This can be done like so:
def hyst(x, th_lo, th_hi, initial = False):
hi = x >= th_hi
lo_or_hi = (x <= th_lo) | hi
ind = np.nonzero(lo_or_hi)[0]
if not ind.size: # prevent index error if ind is empty
return np.zeros_like(x, dtype=bool) | initial
cnt = np.cumsum(lo_or_hi) # from 0 to len(x)
return np.where(cnt, hi[ind[cnt-1]], initial)
Explanation: ind
are the indices of all the samples where the signal is below the lower or above the upper threshold, and for which the position of the 'switch' is thus well-defined. With cumsum
, you make some sort of counter which points to the index of the last well-defined sample. If the start of the input vector is between the two thresholds, cnt
will be 0, so you need to set the the corresponding output to the initial value using the where
function.
Credit: this is a trick I found in an old post on some Matlab forum, which I translated to Numpy. This code is a bit hard to understand and also needs to allocate various intermediate arrays.

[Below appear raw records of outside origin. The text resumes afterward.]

Lemma alt_diff_refined_scaled (m : nat) :
  Rabs (alt_diff (S m) + / (INR (S m) * INR (S (S m)))) * (INR (S m) * INR (S (S m)))
    <= M / INR (S m) + 2 * M * harm (S m) / (INR m + 3).
Proof.
  pose proof (convolution_tail_bound alt_diff M m ltac:(lra) (fun l _ => Hd l)) as HR.
  pose proof (alt_diff_split m) as D.
  pose proof (Hl1 m) as HX.
  assert (Hq : logder_coef m = / (INR m + 2))
    by (unfold logder_coef; rewrite !S_INR; f_equal; ring).
  set (Rem := sum_f_R0 _ m) in *.
  rewrite Hq in D. rewrite !S_INR in *. pose proof (pos_INR m).
  set (a := INR m) in *.
  assert (EZ : (alt_diff (S m) + / ((a + 1) * (a + 1 + 1))) * ((a + 1) * (a + 1 + 1))
               = - (alt m - 1) - Rem * (a + 2)).
  { rewrite Rmult_plus_distr_r.
    replace (alt_diff (S m) * ((a + 1) * (a + 1 + 1)))
      with ((a + 1) * alt_diff (S m) * (a + 2)) by ring.
    rewrite D. field. lra. }
  rewrite <- (Rabs_pos_eq ((a + 1) * (a + 1 + 1))) at 2 by nra. rewrite <- Rabs_mult, EZ.
  eapply Rle_trans; [apply Rabs_triang |].
  rewrite !Rabs_Ropp, Rabs_mult, (Rabs_pos_eq (a + 2)) by lra.
  apply Rplus_le_compat; [exact HX |].
  apply Rle_trans with (M / (a + 2) * (2 * harm (S m) / (a + 3)) * (a + 2)).
  - apply Rmult_le_compat_r; lra.
  - right. field. lra.
Qed.

Lemma alt_diff_refined (m : nat) : (1 <= m)%nat ->
  Rabs (alt_diff (S m) + / (INR (S m) * INR (S (S m))))
    <= 3 * M * (harm_majorant m - harm_majorant (S m)).
Proof.
  intro Hm.
  pose proof (harm_majorant_diff m Hm) as HV.
  pose proof (alt_diff_refined_scaled m) as HZ.
  pose proof (harm_ge_1 (S m) ltac:(lia)) as H1.
  rewrite !S_INR in *. pose proof (pos_INR m).
  set (a := INR m) in *. set (h := harm (S m)) in *.
  set (Z := Rabs (alt_diff (S m) + / ((a + 1) * (a + 1 + 1)))) in *.
  apply Rle_trans with (3 * M * (h / ((a + 1) ^ 2 * (a + 1 + 1)))).
  2: { apply Rmult_le_compat_l; lra. }
  apply Rmult_le_reg_r with ((a + 1) ^ 2 * (a + 2)); [nra |].
  replace (3 * M * (h / ((a + 1) ^ 2 * (a + 1 + 1))) * ((a + 1) ^ 2 * (a + 2)))
    with (3 * M * h) by (field; lra).
  assert (EM : M / (a + 1) * (a + 1) = M) by (field; lra).
  assert (EW : 2 * M * h / (a + 3) * (a + 3) = 2 * M * h) by (field; lra).
  assert (HW : 0 <= 2 * M * h / (a + 3)) by (apply Rdiv_le_0_compat; nra).
  set (W := 2 * M * h / (a + 3)) in *. set (N := M / (a + 1)) in *.
  assert (0 <= Z) by apply Rabs_pos.
  nra.
Qed.

Lemma alt_refined (j : nat) : (1 <= j)%nat ->
  Rabs (alt j - / INR (S j) - 1) <= 3 * M * harm_majorant j.
Proof.
  intro Hj.
  pose proof (is_lim_seq_minus' _ _ _ _ Hlim is_lim_seq_inv_INR_S) as Hu.
  rewrite Rminus_0_r in Hu.
  apply (lim_dist_le_telescoping _ (fun n => 3 * M * harm_majorant n) 1 j Hu).
  - intros m Hm.
    replace (alt (S m) - / INR (S (S m)) - (alt m - / INR (S m)))
      with (alt_diff (S m) + / (INR (S m) * INR (S (S m)))).
    + rewrite <- Rmult_minus_distr_l. apply alt_diff_refined. lia.
    + change (alt_diff (S m)) with (alt (S m) - alt m).
      rewrite (S_INR (S m)). pose proof (INR_S_pos m). field. lra.
  - intros m Hm. pose proof (harm_majorant_ge_0 m ltac:(lia)). nra.
Qed.

Lemma coeff_asymptotic : exists (K : R) (N : nat), forall j : nat, (N <= j)%nat ->
  Rabs (c j - (-1) ^ j * (1 + / INR j)) <= K * (ln (INR j) / INR j ^ 2).
Proof.
  exists (9 * M + 1), 3%nat. intros j Hj.
  pose proof (alt_refined j ltac:(lia)) as HA. unfold harm_majorant in HA.
  pose proof (harm_le_1_ln j ltac:(lia)) as Hh. pose proof (harm_ge_0 j) as Hh0.
  assert (Hj3 : 3 <= INR j) by (replace 3 with (INR 3) by (simpl; ring); now apply le_INR).
  assert (Hln : 1 <= ln (INR j)).
  { rewrite <- (ln_exp 1). apply ln_le; [apply exp_pos | pose proof exp_le_3; lra]. }
  replace (c j - (-1) ^ j * (1 + / INR j)) with ((-1) ^ j * (alt j - 1 - / INR j)).
  2: { unfold alt. transitivity ((-1) ^ j * (-1) ^ j * c j - (-1) ^ j * (1 + / INR j));
       [ring | rewrite pow_m1_sqr; ring]. }
  rewrite Rabs_mult, pow_1_abs, Rmult_1_l. rewrite S_INR in HA.
  set (a := INR j) in *. set (h := harm j) in *.
  replace (alt j - 1 - / a) with ((alt j - / (a + 1) - 1) - / (a * (a + 1))) by (field; lra).
  eapply Rle_trans; [apply Rabs_triang |].
  rewrite Rabs_Ropp, (Rabs_pos_eq (/ (a * (a + 1)))) by (left; apply Rinv_0_lt_compat; nra).
  apply Rle_trans with ((3 * M * (h + 1) + 1) / (a * a)).
  { apply Rle_trans with ((3 * M * (h + 1) + 1) / (a * (a + 1))).
    - replace ((3 * M * (h + 1) + 1) / (a * (a + 1)))
        with (3 * M * ((h + 1) / (a * (a + 1))) + / (a * (a + 1))) by (field; lra).
      lra.
    - apply Rmult_le_compat_l; [nra | apply Rinv_le_contravar; nra]. }
  apply Rmult_le_reg_r with (a * a); [nra |].
  replace ((3 * M * (h + 1) + 1) / (a * a) * (a * a)) with (3 * M * (h + 1) + 1) by (field; lra).
  replace ((9 * M + 1) * (ln a / a ^ 2) * (a * a)) with ((9 * M + 1) * ln a) by (field; lra).
  nra.
Qed.

End Refined.

End Rate.

End Coefficients.

Theorem mainTheorem1 (c : nat -> R) (Hc : coeff_rec c) :
  (forall x : R, 1 < x -> is_series (fun j => c j / x ^ j) (g x)) /\
  (exists (K : R) (N : nat), forall j : nat, (N <= j)%nat ->
     Rabs (c j - (-1) ^ j * (1 + / INR j)) <= K * (ln (INR j) / INR j ^ 2)).
Proof.
  split; [exact (is_series_g c Hc) |].
  destruct (alt_diff_bound c Hc) as [M [HM Hd]].
  destruct (alt_converges c M HM Hd) as [l [Hlim Hl]].
  pose proof (alt_limit_eq_1 c Hc M HM l Hl) as E. subst l.
  exact (coeff_asymptotic c Hc M HM Hd Hlim Hl).
Qed.
Lemma ker_psi_homogeneous (P : nat -> L -> Prop) x : psi x = 0 ->
    (forall h k u v, (0 < h)%N -> (0 < k)%N -> u \in Lm h -> v \in Lm k ->
       P (h + k)%N (br u v)) ->
  homogeneous_sum P x.
Proof.
move=> /ker_psi[s ->] P_br.
by apply: homogeneous_sum_sum => p _; apply: homogeneous_sum_br.
Qed.

Lemma mem_Lm_nested_span i x : (0 < i)%N -> x \in Lm i <-> nested_span i x.
Proof.
move=> i_gt0; split; last exact: nested_span_mem.
elim/ltn_ind: i i_gt0 x => i IH i_gt0 x xi.
have [i_gt1|i_le1] := ltnP 1 i; last first.
  have i1 : i = 1%N by lia.
  by rewrite i1 in xi *; apply: (@nested_span_nested [:: x]); rewrite /= xi.
pose P m y := [/\ (0 < m)%N, y \in Lm m & (m <= i)%N -> nested_span m y].
have x_hom : homogeneous_sum P x.
  apply: ker_psi_homogeneous; first exact: psi_Lm i_gt1 xi.
  move=> h k u v h_gt0 k_gt0 uh vk; split; [lia | exact: Lm_br |].
  by move=> hk_le_i; apply: nested_span_br => //; apply: IH => //; lia.
have [|r P_r ->] := homogeneous_sum_component i_gt0 xi _ x_hom.
  by move=> m y [].
by rewrite big_seq; apply: nested_span_sum => p /P_r[-> [_ _ /(_ (leqnn i))]].
Qed.

Lemma psi_injective_Lm1 : {in Lm 1%N &, injective psi}.
Proof.
move=> x y x1 y1 psi_xy.
have psi_xy0 : psi (x + y) = 0 by rewrite psiD psi_xy addvv_F2.
have xy_hom : homogeneous_sum (fun m z => (1 < m)%N /\ z \in Lm m) (x + y).
  apply: ker_psi_homogeneous => // h k u v h_gt0 k_gt0 uh vk.
  by split; [lia | exact: Lm_br].
have [|r P_r xy_sum] :=
  homogeneous_sum_component (i := 1%N) isT (LmD x1 y1) _ xy_hom.
  by move=> m z [/ltnW].
rewrite big_seq big1 in xy_sum; last by move=> p /P_r[-> []].
by apply/eqP; rewrite -(oppv_F2 y) -addr_eq0 xy_sum.
Qed.

Lemma psi_Lm1_preimage x : exists2 x1, x1 \in Lm 1%N & psi x1 = psi x.
Proof.
have [r hom_r ->] := homogeneous_decomposition x.
exists (\sum_(p <- r | p.1 == 1%N) p.2).
  rewrite big_seq_cond; apply: Lm_sum => p /andP[/hom_r[_ p_hom] /eqP p1].
  by rewrite p1 in p_hom.
have psi_high : psi (\sum_(p <- r | p.1 != 1%N) p.2) = 0.
  rewrite psi_sum big_seq_cond big1 // => p /andP[/hom_r[p_gt0 p_hom] p_ne1].
  by apply: psi_Lm p_hom; rewrite ltn_neqAle eq_sym p_ne1.
by rewrite [in RHS](bigID (fun p => p.1 == 1%N)) /= psiD psi_high addr0.
Qed.

End Expansion.

End GradedLieAlgebra.

Theorem proposition3p4 (n : nat) (L : lmodType 'F_2) (br : L -> L -> L)
    (Lm : nat -> {pred L}) (psi : L -> 'rV['F_2]_n) :
  is_n_expansion br Lm psi ->
  (forall i, (0 < i)%N -> forall x,
      x \in Lm i <->
      exists S : seq (seq L),
        all (fun s => (size s == i) && all (fun y => y \in Lm 1%N) s) S /\
        x = \sum_(s <- S) nested br s) /\
  {in Lm 1%N &, injective psi} /\
  (forall v : 'rV['F_2]_n, exists2 x, x \in Lm 1%N & psi x = v).
Proof.
move=> [graded [psi_linear [psi_Lm [_ [psi_onto [_ [ker_psi _]]]]]]].
have ker_psi_br x := (ker_psi x).1.
split.
  move=> i i_gt0 x.
  exact: (mem_Lm_nested_span (psi := psi) graded psi_Lm ker_psi_br x i_gt0).
split.
  exact: (psi_injective_Lm1 (psi := psi) graded psi_linear ker_psi_br).
move=> v; have [x <-] := psi_onto v.
exact: (psi_Lm1_preimage (psi := psi) graded psi_linear psi_Lm x).
Qed.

It would be better if Numpy would include a dedicated function, similar to your simple for-loop, but implemented in C for speed.
Quick test:
x = np.linspace(0,20, 1000)
y = np.sin(x)
h1 = hyst(y, -0.5, 0.5)
h2 = hyst(y, -0.5, 0.5, True)
plt.plot(x, y, x, -0.5 + h1, x, -0.5 + h2)
plt.legend(('input', 'output, start=0', 'output, start=1'))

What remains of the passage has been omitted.